Through case studies and interactive discussions, attendees will learn how to:

* Identify and Avoid Bias: Now, as we transition to AI technologies in healthcare, we must consider how these human biases can influence AI systems. AI algorithms are trained on historical data, which often reflects existing societal biases. If we fail to address these biases during the development of AI models, we risk perpetuating or even amplifying them. Recognize potential sources of bias in healthcare data, and implement strategies to mitigate their impact.

* Design a Bias Testing Framework: Designing a bias testing framework is critical to ensuring ethical AI in healthcare. It involves assessing data for demographic representation, ensuring algorithm transparency, and developing performance metrics focused on fairness rather than just accuracy. Regular iterative testing is needed to recalibrate models as data and populations evolve. Engaging diverse stakeholders ensures a broader perspective on potential biases, enhancing the system’s equity and inclusiveness.

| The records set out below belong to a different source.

(* Let $\kappa_1,\kappa_2$ be real constants, let $\delta\neq 0$ be a real constant, let $F$ be a smooth real function of one variable and let $G$ be any antiderivative of $F$ (i.e. $G'=F$). Consider the system $$\sigma_r+\frac{\kappa_1\sigma}{r}=\delta\,u_{tt},\qquad u_r+\frac{\kappa_2 u}{r}=\frac{1}{\delta}F(\sigma)$$ for smooth functions $\sigma(r,t)$, $u(r,t)$ with $r>0$. Then every smooth solution $(\sigma,u)$ satisfies the three conservation laws $$\partial_r\big(r^{\kappa_1}\sigma\big)+\partial_t\big(-\delta r^{\kappa_1}u_t\big)=0,$$ $$\partial_r\big(r^{\kappa_1}t\sigma\big)+\partial_t\big(\delta r^{\kappa_1}(u-tu_t)\big)=0,$$ $$\partial_r\big(r^{\kappa_1+\kappa_2}u\,\sigma_t\big)+\partial_t\Big(r^{\kappa_1+\kappa_2}\Big(\tfrac{\delta}{2}\big(u_t^2-2uu_{tt}\big)-\tfrac{1}{\delta}G(\sigma)\Big)\Big)=0.$$ These correspond to the multipliers $(\Lambda^1,\Lambda^2)=(r^{\kappa_1},0)$, $(tr^{\kappa_1},0)$ and $(-r^{\kappa_1+\kappa_2}u_t,\ r^{\kappa_1+\kappa_2}\sigma_t)$, respectively, for the equations $\sigma_r+\kappa_1\sigma/r-\delta u_{tt}=0$, $u_r+\kappa_2u/r-F(\sigma)/\delta=0$.
   Context: Subscripts denote partial derivatives. The system models shear waves in cylindrical geometry, with $\sigma$ the stress and $u$ the displacement and with constitutive relation (strain) $=F(\sigma)$. *)

From Stdlib Require Import Reals List.
From Coquelicot Require Import Coquelicot.
Open Scope R_scope.

(* Partial derivative of a two-variable function f(r,t):
   d = true : with respect to r ; d = false : with respect to t. *)
Definition pd (d : bool) (f : R -> R -> R) : R -> R -> R :=
  fun r t => if d then Derive (fun x => f x t) r else Derive (fun y => f r y) t.

Definition d_r (f : R -> R -> R) := pd true f.
Definition d_t (f : R -> R -> R) := pd false f.

Fixpoint pd_iter (l : list bool) (f : R -> R -> R) : R -> R -> R :=
  match l with
  | nil => f
  | d :: l' => pd d (pd_iter l' f)
  end.

Definition smooth_half_plane (f : R -> R -> R) : Prop :=
  forall (l : list bool) (r t : R), 0 < r ->
    ex_derive (fun x => pd_iter l f x t) r /\
    ex_derive (fun y => pd_iter l f r y) t /\
    continuous (fun p : R * R => pd_iter l f (fst p) (snd p)) (r, t).

Definition smooth1 (f : R -> R) : Prop :=
  forall (n : nat) (x : R), ex_derive (Derive_n f n) x.

(* Each flux pair has divergence equal to a combination of the residuals of the
   two equations.  The key observation is that [d_r f + k f / r] is
   [r^-k d_r (r^k f)], so the weight [r^k] turns the radial operators of the
   system into exact [r]-derivatives.  For the third law one also uses the
   [t]-derivative of the first equation (hence equality of mixed partials of
   [sigma]) and the chain rule [d_t G(sigma) = F(sigma) d_t sigma]. *)

From Stdlib Require Import Reals Lra List.
From Coquelicot Require Import Coquelicot.
Import ListNotations.
Open Scope R_scope.

Lemma is_derive_Rpower (k r : R) :
  0 < r -> is_derive (fun x => Rpower x k) r (k * Rpower r k / r).
Proof.
intros Hr. apply is_derive_Reals.
replace (k * Rpower r k / r) with (k * Rpower r (k - 1)).
- apply derivable_pt_lim_power; exact Hr.
- replace (Rpower r k) with (Rpower r (k - 1) * Rpower r 1).
  + rewrite Rpower_1 by exact Hr. field. lra.
  + rewrite <- Rpower_plus. f_equal. ring.
Qed.

Lemma d_r_ext (f g : R -> R -> R) (r t : R) :
  (forall x y, f x y = g x y) -> d_r f r t = d_r g r t.
Proof. intros Hfg. apply Derive_ext. intros x. apply Hfg. Qed.

Lemma d_r_scal (c : R -> R) (f : R -> R -> R) (r t : R) :
  d_r (fun r t => c t * f r t) r t = c t * d_r f r t.
Proof. apply Derive_scal. Qed.

Lemma d_t_scal (c : R -> R) (f : R -> R -> R) (r t : R) :
  d_t (fun r t => c r * f r t) r t = c r * d_t f r t.
Proof. apply Derive_scal. Qed.

Lemma d_r_Rpower_mul (k : R) (f : R -> R -> R) (r t : R) :
  0 < r -> ex_derive (fun x => f x t) r ->
  d_r (fun r t => Rpower r k * f r t) r t = Rpower r k * (d_r f r t + k * f r t / r).
Proof.
intros Hr Hf. unfold d_r, pd.
rewrite Derive_mult by (exact (ex_intro _ _ (is_derive_Rpower k r Hr)) || exact Hf).
replace (Derive (fun x => Rpower x k) r) with (k * Rpower r k / r)
  by (symmetry; apply is_derive_unique, is_derive_Rpower, Hr).
field. lra.
Qed.

Lemma d_t_eq0 (f : R -> R -> R) (r t : R) :
  (forall y, f r y = 0) -> d_t f r t = 0.
Proof.
intros Hf. unfold d_t, pd.
rewrite (Derive_ext _ (fun _ => 0)) by exact Hf.
apply Derive_const.
Qed.

Section SmoothHalfPlane.

Variable f : R -> R -> R.
Hypothesis Hf : smooth_half_plane f.

Lemma smooth_ex_d_r (l : list bool) (r t : R) :
  0 < r -> ex_derive (fun x => pd_iter l f x t) r.
Proof. intros Hr. exact (proj1 (Hf l r t Hr)). Qed.

Lemma smooth_ex_d_t (l : list bool) (r t : R) :
  0 < r -> ex_derive (fun y => pd_iter l f r y) t.
Proof. intros Hr. exact (proj1 (proj2 (Hf l r t Hr))). Qed.

Lemma smooth_d_r_d_t_comm (r t : R) : 0 < r -> d_r (d_t f) r t = d_t (d_r f) r t.
Proof.
intros Hr. apply Schwarz.
- exists (mkposreal r Hr). intros x y Hx _. simpl in Hx.
  assert (Hx0 : 0 < x) by (apply Rabs_def2 in Hx; lra).
  repeat split.
  + exact (smooth_ex_d_r [] x y Hx0).
  + exact (smooth_ex_d_t [] x y Hx0).
  + exact (smooth_ex_d_r [false] x y Hx0).
  + exact (smooth_ex_d_t [true] x y Hx0).
- apply continuity_2d_pt_filterlim. exact (proj2 (proj2 (Hf [true; false] r t Hr))).
- apply continuity_2d_pt_filterlim. exact (proj2 (proj2 (Hf [false; true] r t Hr))).
Qed.

End SmoothHalfPlane.

Section ConservationLaws.

Variables k1 k2 delta : R.
Variables F G : R -> R.
Variables sigma u : R -> R -> R.
Hypothesis smooth_sigma : smooth_half_plane sigma.
Hypothesis smooth_u : smooth_half_plane u.
Hypothesis G_primitive : forall x, is_derive G x (F x).

Definition momentum_residual (r t : R) : R :=
  d_r sigma r t + k1 * sigma r t / r - delta * d_t (d_t u) r t.

Definition strain_residual (r t : R) : R :=
  d_r u r t + k2 * u r t / r - / delta * F (sigma r t).

Lemma conservation_law1_characteristic (r t : R) : 0 < r ->
  d_r (fun r t => Rpower r k1 * sigma r t) r t
    + d_t (fun r t => - delta * Rpower r k1 * d_t u r t) r t
  = Rpower r k1 * momentum_residual r t.
Proof.
intros Hr. unfold momentum_residual.
rewrite d_r_Rpower_mul by (exact Hr || exact (smooth_ex_d_r sigma smooth_sigma [] r t Hr)).
rewrite (d_t_scal (fun r => - delta * Rpower r k1) (d_t u)).
ring.
Qed.

Lemma conservation_law2_characteristic (r t : R) : 0 < r ->
  d_r (fun r t => Rpower r k1 * t * sigma r t) r t
    + d_t (fun r t => delta * Rpower r k1 * (u r t - t * d_t u r t)) r t
  = t * Rpower r k1 * momentum_residual r t.
Proof.
intros Hr. unfold momentum_residual.
rewrite (d_r_ext _ (fun r t => Rpower r k1 * (t * sigma r t))) by (intros; ring).
rewrite d_r_Rpower_mul
  by (exact Hr || apply ex_derive_scal, (smooth_ex_d_r sigma smooth_sigma [] r t Hr)).
rewrite (d_r_scal (fun t => t) sigma).
rewrite (d_t_scal (fun r => delta * Rpower r k1)).
assert (Hdt : d_t (fun r t => u r t - t * d_t u r t) r t = - t * d_t (d_t u) r t).
{ unfold d_t at 1, pd. apply is_derive_unique. auto_derive.
  - repeat split.
    + exact (smooth_ex_d_t u smooth_u [] r t Hr).
    + exact (smooth_ex_d_t u smooth_u [false] r t Hr).
  - unfold d_t, pd. ring. }
rewrite Hdt. field. lra.
Qed.

Lemma d_t_momentum_residual (r t : R) : 0 < r ->
  d_t momentum_residual r t
  = d_t (d_r sigma) r t + k1 * d_t sigma r t / r - delta * d_t (d_t (d_t u)) r t.
Proof.
intros Hr. unfold d_t at 1, pd, momentum_residual. apply is_derive_unique. auto_derive.
- repeat split.
  + exact (smooth_ex_d_t sigma smooth_sigma [true] r t Hr).
  + exact (smooth_ex_d_t sigma smooth_sigma [] r t Hr).
  + exact (smooth_ex_d_t u smooth_u [false; false] r t Hr).
- unfold d_t, d_r, pd. field. lra.
Qed.

Lemma d_t_energy_density (r t : R) : 0 < r ->
  d_t (fun r t => delta / 2 * ((d_t u r t) ^ 2 - 2 * u r t * d_t (d_t u) r t)
                  - / delta * G (sigma r t)) r t
  = - delta * u r t * d_t (d_t (d_t u)) r t - / delta * F (sigma r t) * d_t sigma r t.
Proof.
intros Hr. unfold d_t at 1, pd. apply is_derive_unique. auto_derive.
- repeat split.
  + exact (smooth_ex_d_t u smooth_u [false] r t Hr).
  + exact (smooth_ex_d_t u smooth_u [] r t Hr).
  + exact (smooth_ex_d_t u smooth_u [false; false] r t Hr).
  + exact (ex_intro _ _ (G_primitive (sigma r t))).
  + exact (smooth_ex_d_t sigma smooth_sigma [] r t Hr).
- replace (Derive (fun x => G x) (sigma r t)) with (F (sigma r t))
    by (symmetry; apply is_derive_unique, G_primitive).
  (* [field] must cancel [/ 2 * 2]; hiding [/ delta] spares it a
     [delta <> 0] side condition. *)
  unfold d_t, pd. set (inv_delta := / delta). field.
Qed.

Lemma conservation_law3_characteristic (r t : R) : 0 < r ->
  d_r (fun r t => Rpower r (k1 + k2) * u r t * d_t sigma r t) r t
    + d_t (fun r t => Rpower r (k1 + k2) *
             (delta / 2 * ((d_t u r t) ^ 2 - 2 * u r t * d_t (d_t u) r t)
              - / delta * G (sigma r t))) r t
  = Rpower r (k1 + k2) *
      (d_t sigma r t * strain_residual r t + u r t * d_t momentum_residual r t).
Proof.
intros Hr.
assert (Hur : ex_derive (fun x => u x t) r)
  by exact (smooth_ex_d_r u smooth_u [] r t Hr).
assert (Hstr : ex_derive (fun x => d_t sigma x t) r)
  by exact (smooth_ex_d_r sigma smooth_sigma [false] r t Hr).
rewrite (d_r_ext _ (fun r t => Rpower r (k1 + k2) * (u r t * d_t sigma r t)))
  by (intros; ring).
rewrite d_r_Rpower_mul by (exact Hr || exact (ex_derive_mult _ _ _ Hur Hstr)).
assert (Hprod : d_r (fun r t => u r t * d_t sigma r t) r t
                = d_r u r t * d_t sigma r t + u r t * d_r (d_t sigma) r t)
  by exact (Derive_mult _ _ _ Hur Hstr).
rewrite Hprod, (smooth_d_r_d_t_comm sigma smooth_sigma r t Hr).
rewrite (d_t_scal (fun r => Rpower r (k1 + k2))), d_t_energy_density by exact Hr.
rewrite d_t_momentum_residual by exact Hr.
unfold strain_residual. set (inv_delta := / delta). field. lra.
Qed.

End ConservationLaws.

Theorem mainTheorem1
  (k1 k2 delta : R) (F G : R -> R) (sigma u : R -> R -> R) :
  delta <> 0 ->
  smooth1 F ->
  (forall x, is_derive G x (F x)) ->
  smooth_half_plane sigma ->
  smooth_half_plane u ->
  (forall r t, 0 < r ->
     d_r sigma r t + k1 * sigma r t / r = delta * d_t (d_t u) r t) ->
  (forall r t, 0 < r ->
     d_r u r t + k2 * u r t / r = / delta * F (sigma r t)) ->
  forall r t, 0 < r ->
    d_r (fun r t => Rpower r k1 * sigma r t) r t
      + d_t (fun r t => - delta * Rpower r k1 * d_t u r t) r t = 0
    /\
    d_r (fun r t => Rpower r k1 * t * sigma r t) r t
      + d_t (fun r t => delta * Rpower r k1 * (u r t - t * d_t u r t)) r t = 0
    /\
    d_r (fun r t => Rpower r (k1 + k2) * u r t * d_t sigma r t) r t
      + d_t (fun r t => Rpower r (k1 + k2) *
               (delta / 2 * ((d_t u r t) ^ 2 - 2 * u r t * d_t (d_t u) r t)
                - / delta * G (sigma r t))) r t = 0.
Proof.
intros _ _ HG Hs Hu Hmomentum Hstrain r t Hr.
assert (Rmomentum : forall r t, 0 < r -> momentum_residual k1 delta sigma u r t = 0).
{ intros r' t' Hr'. unfold momentum_residual. rewrite Hmomentum by exact Hr'. ring. }
assert (Rstrain : forall r t, 0 < r -> strain_residual k2 delta F sigma u r t = 0).
{ intros r' t' Hr'. unfold strain_residual. rewrite Hstrain by exact Hr'. ring. }
split; [| split].
- rewrite (conservation_law1_characteristic k1 delta sigma u Hs r t Hr).
  rewrite Rmomentum by exact Hr. ring.
- rewrite (conservation_law2_characteristic k1 delta sigma u Hs Hu r t Hr).
  rewrite Rmomentum by exact Hr. ring.
- rewrite (conservation_law3_characteristic k1 k2 delta F G sigma u Hs Hu HG r t Hr).
  rewrite Rstrain, (d_t_eq0 _ r t (fun y => Rmomentum r y Hr)) by exact Hr. ring.
Qed.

* Utilizing Bias Testing for Fairness in AI
Once a bias testing framework is established, healthcare teams can leverage it in various ways to ensure fairness in AI applications.

This involves regular bias audits of AI systems to identify and correct skewed outcomes, inclusive design practices incorporating diverse perspectives, and real-world testing to uncover hidden biases before widespread implementation. Continuous training on ethical considerations and adherence to regulatory compliance are crucial for fostering fairness, accountability, and trust in AI-powered healthcare solutions.

By attending this talk, participants will not only gain essential knowledge but also contribute to a critical conversation about the ethical implications of AI in healthcare.